KWS is very pleased to be able to offer clients access to a communications and reputation management master. John Allin and I worked together when John was the Media Affiars Manager for Victoria Police. Now KWS offer his exceptional talents to clients in need of a comprehensive communications specialist. John revels in a crisis and on occasions our clients have needed his dexterity with media. KWS is keen for our clients to build and protectv their reputation. Workplace behaviour complaint and other matters affecting client reputation can now be managed.
Reputation management – and all that is bundled up in those two words – simply has to be on the radar of all corporate executives and senior management as they go about their day-to-day business. Those who fail to acknowledge the impact of the media do so at their own peril. Fact: it is a journalist’s to hunt down good stories in the public interest. What actually is in the public interest, though, is often a topic of hot debate.
Sometimes information will fall onto a reporter’s lap; perhaps by a disgruntled employee leaking tantalising details of workplace scuttlebutt (that may or may not have elements of truth) or by a journalist trawling through a public (or a confidential) report. Indeed there are thousands of ways a journalist will get information that may become a key part of a story.
A story that could spell disaster for an organisation if there has been no proactive work or if the response is hasty, defensive, sloppy or just plain wrong.
Knowing how the media works is essential preventive medicine in the corporate environment – or any workplace. Many companies today factor in media training as part and parcel of their professional development programs for senior executives and corporate spokespeople.

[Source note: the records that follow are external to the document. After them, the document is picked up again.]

(* Let $(\Omega,\mathcal F,\mu)$ be a measure space and $p\in[1,\infty)$. If $\mathscr A\subset L^p(\Omega,\mathcal F,\mu)$ is uniformly integrable, then $\mathscr A$ is uniformly approximable.
   Context: All measures are assumed not identically zero. $\mathscr A\subset L^p$ is uniformly integrable if $\inf_{g\in L^p_+}\sup_{f\in\mathscr A}\int_{\{|f|>g\}}|f|^p\,d\mu=0$, where $L^p_+$ is the set of nonnegative functions in $L^p$. $\mathscr G_{p,k}$ is the set of functions $\sum_{i=1}^l a_i\mathbf 1_{A_i}\in L^p$ with $l\le k$, $\{A_i\}$ a measurable partition of $\Omega$, $a_i\in\mathbb R$. $N_{p,\varepsilon}(\mathscr A)=\inf\{k\ge1:\ \forall f\in\mathscr A\ \exists h\in\mathscr G_{p,k},\ \|f-h\|_p\le\varepsilon\}$ ($\inf\emptyset=\infty$); $\mathscr A$ is uniformly approximable if $N_{p,\varepsilon}(\mathscr A)<\infty$ for every $\varepsilon>0$. *)

From HB Require Import structures.
From mathcomp Require Import all_boot all_order all_algebra.
From mathcomp Require Import all_classical all_reals all_analysis.
Set Implicit Arguments. Unset Strict Implicit. Unset Printing Implicit Defensive.
Import Order.TTheory GRing.Theory Num.Theory.
Local Open Scope classical_set_scope.
Local Open Scope ring_scope.

(* L^p is represented at the level of functions: f \in Lfun mu p%:E means f is
   measurable with finite Lp-norm (hoelder.v). *)

Definition Lp_plus d (T : measurableType d) (R : realType)
  (mu : {measure set T -> \bar R}) (p : R) : set (T -> R) :=
  [set g | g \in Lfun mu p%:E /\ forall x, 0 <= g x].
(* For $p\ge1$, $t\in\mathbb{R}$ and $\phi\in\mathbb{R}$ let \[ \Psi_{p,t}(\phi)=t\sin\big((1-1/p)\phi\big)+2(1-t)\sin\phi\,\cos(\phi/p) =(1-t)\sin\big((1+1/p)\phi\big)+\sin\big((1-1/p)\phi\big), \] and let \[ g(p)=\min\{t\in\mathbb{R}:\ \Psi_{p,t}(\phi)\ge0 \text{ for all } 0<\phi<\pi\}. \] Then the function $g$ is continuous on $[1,\infty)$, $g(1)=1$, $g(p)=0$ for all $p\ge2$, and $g$ is strictly decreasing on $[1,2]$. In particular $g(3/2)=1/5$. *)

From Stdlib Require Import Reals Lra ClassicalEpsilon.
Open Scope R_scope.

Definition Psi (p t phi : R) : R :=
  t * sin ((1 - 1 / p) * phi) + 2 * (1 - t) * sin phi * cos (phi / p).

Definition admissible (p t : R) : Prop :=
  forall phi : R, 0 < phi < PI -> 0 <= Psi p t phi.

Definition is_min (S : R -> Prop) (t : R) : Prop :=
  S t /\ forall t', S t' -> t <= t'.

(* g(p) = min { t | admissible p t }, chosen by Hilbert's epsilon; the main
   theorem asserts this minimum exists for p >= 1, so g p is that minimum. *)
Definition g (p : R) : R :=
  epsilon (inhabits 0) (fun t => is_min (admissible p) t).

(* With s = 1/p, Psi_{p,t}(phi) = sin((1-s) phi) + (1-t) sin((1+s) phi) is affine in t, so the
   admissible t form a closed interval containing 1 and bounded below by 0 (letting phi -> PI),
   and g(p) is its least element.  For p >= 2, Psi_{p,0} = 2 sin phi cos(phi/p) >= 0, while for
   p < 2 the cosine changes sign, so g > 0 there.  Strict decrease: on the arc where
   sin((1+1/q) phi) < 0, a cross identity for sines transfers admissibility of g(p) from p to
   q > p with strict inequality, and compactness of that arc leaves room to lower t.
   Continuity: Psi is Lipschitz in p uniformly in phi, which gives lower semicontinuity, and
   together with a positive margin of Psi_{p, g(p) + eps} on (PI/2, PI) also upper
   semicontinuity from the left; from the right g is bounded by monotonicity. *)

From Stdlib Require Import Reals Lra Psatz ClassicalEpsilon Classical.
Open Scope R_scope.

Lemma sin_lipschitz u v : Rabs (sin u - sin v) <= Rabs (u - v).
Proof.
  destruct (MVT_abs sin cos v u) as [c [Hc _]].
  { intros c _; apply derivable_pt_lim_sin. }
  rewrite Hc.
  assert (Rabs (cos c) <= 1) by (apply Rabs_le, COS_bound).
  pose proof (Rabs_pos (u - v)); nra.
Qed.

Lemma Rabs_inv_sub_le p x : 1 <= p -> 1 <= x -> Rabs (/ p - / x) <= Rabs (x - p).
Proof.
  intros Hp Hx.
  replace (/ p - / x) with ((x - p) * / (p * x)) by (field; lra).
  assert (Hpx : 0 < / (p * x) <= 1).
  { split; [apply Rinv_0_lt_compat; nra|].
    rewrite <- Rinv_1; apply Rinv_le_contravar; nra. }
  rewrite Rabs_mult, (Rabs_right (/ (p * x))) by lra.
  pose proof (Rabs_pos (x - p)); nra.
Qed.

Lemma sin_3a x : sin (3 * x) = 3 * sin x - 4 * sin x ^ 3.
Proof.
  replace (3 * x) with (2 * x + x) by ring.
  rewrite sin_plus, sin_2a, cos_2a_sin.
  pose proof (sin2_cos2 x) as Hpyth; unfold Rsqr in Hpyth.
  replace (2 * sin x * cos x * cos x) with (2 * sin x * (cos x * cos x)) by ring.
  replace (cos x * cos x) with (1 - sin x * sin x) by lra.
  ring.
Qed.

Lemma sin_cross A B C :
  sin (A - C) * sin (A + B) - sin (A - B) * sin (A + C) = sin (2 * A) * sin (B - C).
Proof. rewrite !sin_minus, !sin_plus, sin_2a. ring. Qed.

Lemma continuity_pt_nonneg_right_end f a b : a < b -> continuity_pt f b ->
  (forall x, a < x < b -> 0 <= f x) -> 0 <= f b.
Proof.
  intros Hab Hf Hpos.
  destruct (Rle_lt_dec 0 (f b)) as [|Hneg]; [assumption|].
  destruct (Hf (- f b)) as [alp [Halp Hnear]]; [lra|].
  set (x := b - Rmin alp (b - a) / 2).
  assert (Hmin : 0 < Rmin alp (b - a)) by (apply Rmin_glb_lt; lra).
  pose proof (Rmin_l alp (b - a)); pose proof (Rmin_r alp (b - a)).
  assert (Hx : a < x < b) by (unfold x; lra).
  assert (Hfx : Rabs (f x - f b) < - f b).
  { apply (Hnear x); split; [split; [exact I | unfold x; lra]|].
    simpl; unfold R_dist; rewrite Rabs_left; unfold x; lra. }
  apply Rabs_def2 in Hfx; pose proof (Hpos x Hx); lra.
Qed.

While media training is an excellent skill to have, KWS believes a fundamental understanding of media – in particular newspapers, television and radio – is essential. Why? So that someone in the organisation can get on top of a situation by actually knowing:
- How to identify a good story that will help to profile an organisation favorably
- Who will be interested in a particular workplace initiative
- What swift action to take if something goes wrong and is likely to attract media attention
- What to say and what not to say to the media
- Who to keep in the loop
- How to work the media to achieve the best outcome
Having this knowledge embedded both in corporate philosophy and also in practice manuals can often remove the need to hire expensive spin-doctors to help mop up the mess afterwards and mitigate reputation damage.

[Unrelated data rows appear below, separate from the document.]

Lemma rows_combE a w j : rows_comb a w j 0 = \sum_i a i * w i j.
Proof. by rewrite !mxE; apply: eq_bigr => i _; rewrite mxE. Qed.

Lemma rows_comb0 a : rows_comb a 0 = 0.
Proof. by rewrite /rows_comb mulmx0 trmx0. Qed.

Lemma rows_comb_act a w (M : 'M[k]_d) : rows_comb a (w *m M^T) = M *m rows_comb a w.
Proof. by rewrite /rows_comb mulmxA trmx_mul trmxK. Qed.

Lemma meval_polarization_poly f w a :
  (map_mpoly (meval (fun x => mxvec w 0 x)) (polarization_poly f)).@[a]
  = f.@[fun j => rows_comb a w j 0].
Proof.
have monomialE (c : k) (m : 'X_{1..d}) :
    (map_mpoly (meval (fun x => mxvec w 0 x))
       (map_mpoly (@mpolyC (n * d) k) (c *: 'X_[m]) \mPo polar_subst k n d)).@[a]
    = (c *: 'X_[m]).@[fun j => rows_comb a w j 0].
  rewrite !map_mpolyZ /= map_mpolyX comp_mpolyZ comp_mpolyX map_mpolyZ /=.
  rewrite !mevalZ mevalC mevalX !rmorph_prod; congr (_ * _); apply: eq_bigr => j _.
  rewrite !rmorphXn /= tnth_mktuple rows_combE; congr (_ ^+ _).
  rewrite (rmorph_sum (map_mpoly (meval (fun x => mxvec w 0 x)))) rmorph_sum.
  apply: eq_bigr => i _.
  rewrite /= !rmorphM /= map_mpolyC map_mpolyX mevalC mevalXU -mxvecE.
  by congr (_ * _); apply: mevalXU.
rewrite /polarization_poly.
change (fun c : k => c%:MP_[n * d]) with (@mpolyC (n * d) k).
rewrite [in LHS](mpolyE f) [in RHS](mpolyE f).
rewrite (rmorph_sum (map_mpoly (@mpolyC (n * d) k))).
rewrite (raddf_sum (comp_mpoly (polar_subst k n d))).
rewrite (rmorph_sum (map_mpoly (meval (fun x => mxvec w 0 x)))) !rmorph_sum.
by apply: eq_bigr => m _; apply: monomialE.
Qed.

Variables (r : nat) (rho : ('I_r -> k) -> 'M[k]_d).
Hypothesis char0 : [pchar k] =i pred0.

Lemma polarization_invariant f m :
  invariantV rho f -> Defs.invariant rho (polarization f m : {mpoly k[n * d]}).
Proof.
move=> f_inv g g_torus w; rewrite /evalVn.
suff eq_gen : map_mpoly (meval (fun x => mxvec (actVn rho g w) 0 x)) (polarization_poly f)
            = map_mpoly (meval (fun x => mxvec w 0 x)) (polarization_poly f).
  by have := congr1 (mcoeff m) eq_gen; rewrite !mcoeff_map_mpoly.
apply: (mpoly_eval_inj char0) => a; rewrite !meval_polarization_poly.
rewrite -[RHS](f_inv g g_torus); apply: meval_eq => j.
by rewrite /actVn rows_comb_act.
Qed.

Lemma pol_alg_invariant (h : {mpoly k[n * d]}) : pol_alg rho h -> Defs.invariant rho h.
Proof.
apply.
- by move=> _ [f [m [f_inv ->]]]; apply: polarization_invariant.
- by move=> c g _ w; rewrite /evalVn !mevalC.
- move=> G H G_inv H_inv g g_torus w.
  by rewrite /evalVn !mevalD -!/(evalVn _ _) G_inv ?H_inv.
- move=> G H G_inv H_inv g g_torus w.
  by rewrite /evalVn !mevalM -!/(evalVn _ _) G_inv ?H_inv.
Qed.

Lemma nullcone_polcone (w : 'M[k]_(n, d)) : nullcone rho w -> polcone rho w.
Proof. by move=> w_null h /pol_alg_invariant; apply: w_null. Qed.

Lemma polcone_meval_rows_comb w f : polcone rho w -> invariantV rho f ->
  forall a, f.@[fun j => rows_comb a w j 0] = f.@[fun _ => 0].
Proof.
move=> w_pol f_inv a.
have eq_gen : map_mpoly (meval (fun x => mxvec w 0 x)) (polarization_poly f)
  = map_mpoly (meval (fun x => mxvec (0 : 'M[k]_(n, d)) 0 x)) (polarization_poly f).
  apply/mpolyP => m; rewrite !mcoeff_map_mpoly.
  by apply: (w_pol (polarization f m)) => A gen_A _ _ _; apply: gen_A; exists f, m.
have := congr1 (meval a) eq_gen; rewrite !meval_polarization_poly rows_comb0 => ->.
by apply: meval_eq => j; rewrite mxE.
Qed.

End Polarization.

Section LaurentMonomials.
Variables (k : fieldType) (r N : nat).

Definition laurent_monomial (m : 'X_{1..r}) (t : 'I_r -> k) : k :=
  (\prod_i t i ^+ m i) / (\prod_i t i) ^+ N.

Lemma laurent_monomialM m s t :
  laurent_monomial m (torus_mul s t) = laurent_monomial m s * laurent_monomial m t.
Proof.
rewrite /laurent_monomial /torus_mul; under eq_bigr do rewrite exprMn.
by rewrite !big_split /= exprMn invfM mulrACA.
Qed.

Lemma laurent_monomial1 m : laurent_monomial m (@torus_one k r) = 1.
Proof.
rewrite /laurent_monomial /torus_one.
by under eq_bigr do rewrite expr1n; rewrite !big1_eq expr1n divr1.
Qed.

Hypothesis char0 : [pchar k] =i pred0.

Lemma laurent_monomial_indep (B p q : nat) (X : 'X_{1..r < B} -> 'M[k]_(p, q)) :
  (forall t, in_torus t -> \sum_(m : 'X_{1..r < B}) laurent_monomial m t *: X m = 0) ->
  forall m, X m = 0.
Proof.
move=> X_comb0 m0; apply/matrixP => a b; rewrite mxE.
pose P : {mpoly k[r]} := \sum_m X m a b *: 'X_[m].
have P0 : P = 0.
  apply: (mpoly_torus_eq0 char0) => t t_torus.
  have D_neq0 : (\prod_i t i) ^+ N != 0 by rewrite expf_neq0 //; apply/prodf_neq0 => i _.
  have := congr1 (fun M : 'M[k]_(p, q) => M a b * (\prod_i t i) ^+ N) (X_comb0 t t_torus).
  rewrite /= mxE mul0r summxE mulr_suml => <-.
  rewrite rmorph_sum /=; apply: eq_bigr => m _.
  by rewrite mevalZ mevalX !mxE /laurent_monomial mulrAC divfK // mulrC.
have := congr1 (mcoeff (bmnm m0)) P0.
rewrite raddf_sum (bigD1 m0) //= mcoeffZ mcoeffX eqxx mulr1 mcoeff0.
rewrite big1 ?addr0 // => m neq_mm0.
by rewrite mcoeffZ mcoeffX -bmeqP (negbTE neq_mm0) mulr0.
Qed.

End LaurentMonomials.

Section CharacterExpansion.
Variables (k : fieldType) (r d : nat) (I : finType).
Variables (rho : ('I_r -> k) -> 'M[k]_d) (lam : I -> ('I_r -> k) -> k) (E : I -> 'M[k]_d).
Hypothesis rho1 : rho (@torus_one k r) = 1%:M.
Hypothesis rhoM : forall s t, in_torus s -> in_torus t ->
  rho (torus_mul s t) = rho s *m rho t.
Hypothesis lam1 : forall q, lam q (@torus_one k r) = 1.
Hypothesis lamM : forall q s t, lam q (torus_mul s t) = lam q s * lam q t.
Hypothesis lam_indep : forall X : I -> 'M[k]_d,
  (forall t, in_torus t -> \sum_q lam q t *: X q = 0) -> forall q, X q = 0.
Hypothesis rhoE : forall t, in_torus t -> rho t = \sum_q lam q t *: E q.

Let lam_coef_eq (X Y : I -> 'M[k]_d) :
  (forall t, in_torus t -> \sum_q lam q t *: X q = \sum_q lam q t *: Y q) ->
  forall q, X q = Y q.
Proof.
move=> eqXY q; apply/eqP; rewrite -subr_eq0; apply/eqP; move: q; apply: lam_indep.
by move=> t t_torus; under eq_bigr do rewrite scalerBr; rewrite sumrB eqXY ?subrr.
Qed.

Lemma character_coef_sum1 : \sum_q E q = 1%:M.
Proof.
rewrite -rho1 rhoE; last by move=> i; rewrite oner_neq0.
by apply: eq_bigr => q _; rewrite lam1 scale1r.
Qed.

Lemma rho_mulmx_character_coef s q : in_torus s -> rho s *m E q = lam q s *: E q.
Proof.
move=> s_torus; apply: esym; move: q.
apply: lam_coef_eq => t t_torus.
have st_torus : in_torus (torus_mul s t) by move=> i; rewrite mulf_neq0.
transitivity (rho (torus_mul s t)).
  by rewrite rhoE //; apply: eq_bigr => q _; rewrite scalerA lamM mulrC.
rewrite rhoM // (rhoE t_torus) mulmx_sumr.
by apply: eq_bigr => q _; rewrite -scalemxAr.
Qed.

Lemma character_coef_orth a b : E a *m E b = if a == b then E a else 0.
Proof.
suff: E a *m E b = if a == b then E b else 0 by case: eqP => // ->.
move: a; apply: lam_coef_eq => s s_torus.
rewrite [RHS](bigD1 b) //= eqxx [X in _ + X]big1 ?addr0; last first.
  by move=> a /negbTE ->; rewrite scaler0.
rewrite -rho_mulmx_character_coef // (rhoE s_torus) mulmx_suml.
by apply: eq_bigr => a _; rewrite scalemxAl.
Qed.

End CharacterExpansion.

Lemma torus_module_weight_decomposition (k : fieldType) (char0 : [pchar k] =i pred0)
    (r d : nat) (rho : ('I_r -> k) -> 'M[k]_d) :
  algebraic_torus_module rho ->
  exists K (E : 'I_K -> 'M[k]_d) (lam : 'I_K -> ('I_r -> k) -> k),
  [/\ forall a b, E a *m E b = if a == b then E a else 0,
      \sum_q E q = 1%:M &
      forall t, in_torus t -> rho t = \sum_q lam q t *: E q].
Proof.
case=> rho1 rhoM [N [P rhoP]].
pose B := (\max_(ab : 'I_d * 'I_d) msize (P ab.1 ab.2))%N.
have msizeP a b : (msize (P a b) <= B)%N.
  exact: (@leq_bigmax _ (fun ab => msize (P ab.1 ab.2)) (a, b)).
pose E (m : 'X_{1..r < B}) : 'M[k]_d := \matrix_(a, b) (P a b)@_m.
pose lam (m : 'X_{1..r < B}) (t : 'I_r -> k) := laurent_monomial N m t.
have rhoE t : in_torus t -> rho t = \sum_m lam m t *: E m.
  move=> t_torus; apply/matrixP => a b; rewrite rhoP // summxE.
  rewrite {1}(mpolywE (msizeP a b)) rmorph_sum /= mulr_suml; apply: eq_bigr => m _.
  by rewrite mevalZ mevalX !mxE /lam /laurent_monomial [RHS]mulrC mulrA.
have lam_indep (X : 'X_{1..r < B} -> 'M[k]_d) :=
  laurent_monomial_indep (N := N) char0 (X := X).
have lam1 m : lam m (@torus_one k r) = 1 by apply: laurent_monomial1.
have lamM m s t : lam m (torus_mul s t) = lam m s * lam m t.
  exact: laurent_monomialM.
have orth := character_coef_orth rhoM lamM lam_indep rhoE.
have sum1 := character_coef_sum1 rho1 lam1 rhoE.
have reindex (F : 'X_{1..r < B} -> 'M[k]_d) :
    \sum_m F m = \sum_(q < #|{: 'X_{1..r < B}}|) F (enum_val q).
  by rewrite -big_enum_val.
exists #|{: 'X_{1..r < B}}|, (fun q => E (enum_val q)), (fun q => lam (enum_val q)).
split.
- by move=> a b; rewrite orth (inj_eq enum_val_inj).
- by rewrite -sum1 reindex.
- by move=> t t_torus; rewrite rhoE // reindex.
Qed.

Complaints, diversity, equal opportunity, workplace behaviour and whisteblowing are all increasingly becoming news ‘fodder’. This is why executives in the workplace should know as much as possible about how the media works – for the sake of the organisation.
John Allin has an insider’s view of the media. John is our media and communications strategist and adviser and also runs his own consultancy – John Allin & Associates. He is the person we believe can give our clients ‘Keys to Media Doors’ In recent times John has been a writer and communication strategist for the Australian Medical Association (Victoria), the Country Fire Authority, Battiston Consulting and the Springvale Botanical Cemetery.
For more than 25 years he was a journalist and editorial executive at The Age. This included four years as editor of the Warrnambool Standard (Fairfax’s Victorian regional daily). John worked for The Age mainly in Melbourne but was on assignment from time to time in southern Africa, Papua New Guinea and Scandinavia. He reported on various “rounds” including police, education, environment and politics. He was editor of the newspaper’s Tuesday lifestyle section Melbourne Living. He was responsible for editorial training at The Age, taught news writing part-time at RMIT and chaired the university’s Journalism Course Advisory Committee.
He left mainstream journalism to take up the position of media manager at Victoria Police and, later, head of media and public affairs at Deakin University.
He is a Fellow of Leadership Victoria, an alumnus of the Cranlana Program, board director of Kilvington Girls’ Grammar, member of the Melbourne Press Club and a member of the Public Relations Institute of Australia. He is also a Quill Awards judge for Outstanding Journalism
His most recent short story, Kirste’s Wine – in which he tells of revisiting a child abduction case which he covered for ‘The Age’ 33 years ago – appears in Outside the Law 3, published by Five Mile Press in July 2009.